When the World War broke out, the Duke of Connaught "was persuaded to extend his term of office."  That extension ended in 1916.   As Prince Alexander was on active service in France, "where he distinguished himself," his appointment as Governor General was canceled.

This will be his "third experience" as a governor General.  On October 27, 1923, he was appointed as Governor General of South Africa, succeeded Prince Arthur of Connaught, only son of the Duke of Connaught.   He was "so successful" that his term of office was extended, and he remained for seven years.

He is not expected to travel to Canada until June.  Princess Alice, Countess of Athlone, will accompany her husband. 

On April 1,  Princess Alice and Lord Athlone stayed at Buckingham Palace and dined with King George and Queen Elizabeth.

Vincent Massey, Canada's High Commissioner in London, said "Canadians would be proud to welcome so distinguished a public servant." He also "paid tribute to Princess Alice's wide human interests."
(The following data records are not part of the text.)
(* For every $n\in\mathbb{N}$ and $t\in\mathbb{C}$, \[ t^n=\sum_{k=0}^nS_D[n,k]\,(t)^{D}_{k,q}+n(t-1)^{n-1}-[n]_q\,q^{n-1}(t)^{D}_{n-1,q}. \]
   Context: $[k]_q=1+\dots+q^{k-1}$, $[0]_q=0$. For fixed $n$, the $q$-falling factorial of type D is $(t)^D_{0,q}=1$, $(t)^D_{k,q}=(t-[1]_q)(t-[3]_q)\cdots(t-[2k-1]_q)$ for $1\le k<n$, and $(t)^D_{n,q}=(t-[1]_q)(t-[3]_q)\cdots(t-[2n-3]_q)(t-[n-1]_q)$. For $S\subset\mathbb{Z}\setminus\{0\}$, $\overline{S}=\{-i:i\in S\}$, a standard signed partition (SSP) of $S$ with $k$ blocks is a sequence $(S_1,\dots,S_k)$ of disjoint nonempty subsets of $S\cup\overline{S}$ with $\{S_1,\dots,S_k,\overline{S_1},\dots,\overline{S_k}\}$ a partition of $S\cup\overline{S}$ and $\min|S_1|\le\dots\le\min|S_k|$ ($|S_i|=\{|j|:j\in S_i\}$). A PSSP of $S$ is an SSP of a (possibly empty) subset of $S$. $B(S,k)$, $B_{\subseteq}(S,k)$ are the sets of SSPs, PSSPs of $S$ with $k$ blocks, and $D_{\subseteq}([n],k)=B_{\subseteq}([n],k)\setminus\bigcup_{i=1}^nB([n]\setminus\{i\},k)$. For $\pi=(S_1,\dots,S_k)$, $\mathrm{pos}(\pi)=\#\{x\in\bigcup_iS_i:x>0\}$, $m(\pi)=2\sum_{i=1}^ki\cdot\#S_i-\mathrm{pos}(\pi)$, and $S_D[n,k]=\frac{1}{q^{k^2}[2]_q^k}\sum_{\pi\in D_{\subseteq}([n],k)}q^{m(\pi)}$. For $n=0$ the terms $n(t-1)^{n-1}$ and $[n]_qq^{n-1}(t)^D_{n-1,q}$ are $0$. *)

From mathcomp Require Import all_boot all_order all_algebra.
Set Implicit Arguments.
Unset Strict Implicit.
Unset Printing Implicit Defensive.
Import GRing.Theory.

(* Signed elements of [n]: (j, b) with j : 'I_n encodes the integer
   (j+1) if b = true and -(j+1) if b = false. *)
Definition sgnel (n : nat) : finType := ('I_n * bool)%type.

Section TypeD.
Variable n : nat.

Definition sbar (A : {set sgnel n}) : {set sgnel n} :=
  [set x : sgnel n | (x.1, ~~ x.2) \in A].

(* min |A| (as a natural number j+1); n.+1 for the empty set (never used). *)
Definition minabs (A : {set sgnel n}) : nat :=
  \big[minn/n.+1]_(x in A) (x.1).+1.

(* (S_1,...,S_k) (with S_{i+1} = P i) is a standard signed partition of T *)
Definition is_SSP (k : nat) (T : {set 'I_n}) (P : {ffun 'I_k -> {set sgnel n}}) : bool :=
  [&& [forall i, P i != set0],
      [forall i, forall j, (i != j) ==> [disjoint P i & P j]],
      [forall i, forall j, [disjoint P i & sbar (P j)]],
      (\bigcup_i (P i :|: sbar (P i))) == [set x : sgnel n | x.1 \in T] &
      [forall i : 'I_k, forall j : 'I_k, (i <= j)%N ==> (minabs (P i) <= minabs (P j))%N]].

Definition is_PSSP (k : nat) (P : {ffun 'I_k -> {set sgnel n}}) : bool :=
  [exists T : {set 'I_n}, is_SSP T P].

Definition is_Dsub (k : nat) (P : {ffun 'I_k -> {set sgnel n}}) : bool :=
  is_PSSP P && ~~ [exists i : 'I_n, is_SSP (setT :\ i) P].

Definition pos (k : nat) (P : {ffun 'I_k -> {set sgnel n}}) : nat :=
  #|[set x in \bigcup_i P i | x.2]|.

(* m(pi) = 2 sum_{i=1}^k i #S_i - pos(pi)  (always >= 0) *)
Definition mstat (k : nat) (P : {ffun 'I_k -> {set sgnel n}}) : nat :=
  (2 * \sum_(i < k) (i.+1 * #|P i|) - pos P)%N.

End TypeD.

Section QStuff.
Variable R : fieldType.
Local Open Scope ring_scope.

Definition qint (q : R) (k : nat) : R := \sum_(i < k) q ^+ i.

Definition SD (n k : nat) (q : R) : R :=
  (q ^+ (k * k) * qint q 2 ^+ k)^-1 *
  \sum_(P : {ffun 'I_k -> {set sgnel n}} | is_Dsub P) q ^+ mstat P.

(* (t)^D_{k,q} for fixed n (only meaningful for k <= n) *)
Definition fallD (n k : nat) (q t : R) : R :=
  if k == 0%N then 1
  else if (k < n)%N then \prod_(i < k) (t - qint q (2 * i).+1)
  else (\prod_(i < n.-1) (t - qint q (2 * i).+1)) * (t - qint q n.-1).

End QStuff.

(* A PSSP of [n] is determined by the word whose j-th letter says whether j+1
   is absent or, if present, in which block and with which sign it occurs.
   Standardness says that the blocks are opened in the order S_1, ..., S_k, and
   m(pi) is a sum over letters, a letter in block b (counted from 0) contributing
   2b+1, plus 1 if its sign is negative.  Weight a word with k blocks by
   q^m / (q^(k^2) [2]^k) times (t)_k = (t-[1])(t-[3])...(t-[2k-1]).  Appending a
   letter to a word with k blocks multiplies the total weight by t: an absent
   letter contributes 1, the letters of the old blocks b < k contribute
   sum_b q^(2b+1) [2] = [2k+1] - 1, and opening block k+1 contributes exactly
   (t - [2k+1]) because the normalisation absorbs its weight.  Hence all words of
   length n sum to t^n, while those with no, resp. exactly one, absent letter sum
   to (t-1)^n, resp. n (t-1)^(n-1).  Discarding the latter gives
   sum_k S_D[n,k] (t)_k = t^n - n (t-1)^(n-1); finally S_D[n,n] = 1 and
   (t)^D_{n,q} - (t)_n = [n]_q q^(n-1) (t)_(n-1). *)

From mathcomp Require Import all_boot all_order all_algebra.
From mathcomp Require Import zify ring.
Import Order.TTheory GRing.Theory.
Lord Athlone is the younger brother of Queen Mary.  He is married to Princess Alice of Albany, only daughter of the late Duke of Albany, and a granddaughter of Queen Victoria.  They have one surviving child, Lady May Abel Smith.

Due to "war exigencies," the exact date of Lord Athlone's arrival will not be released in advance. He will be "sworn in", when he arrives in Ottawa, and not when he lands in Halifax or Quebec, which has been the custom during peace time.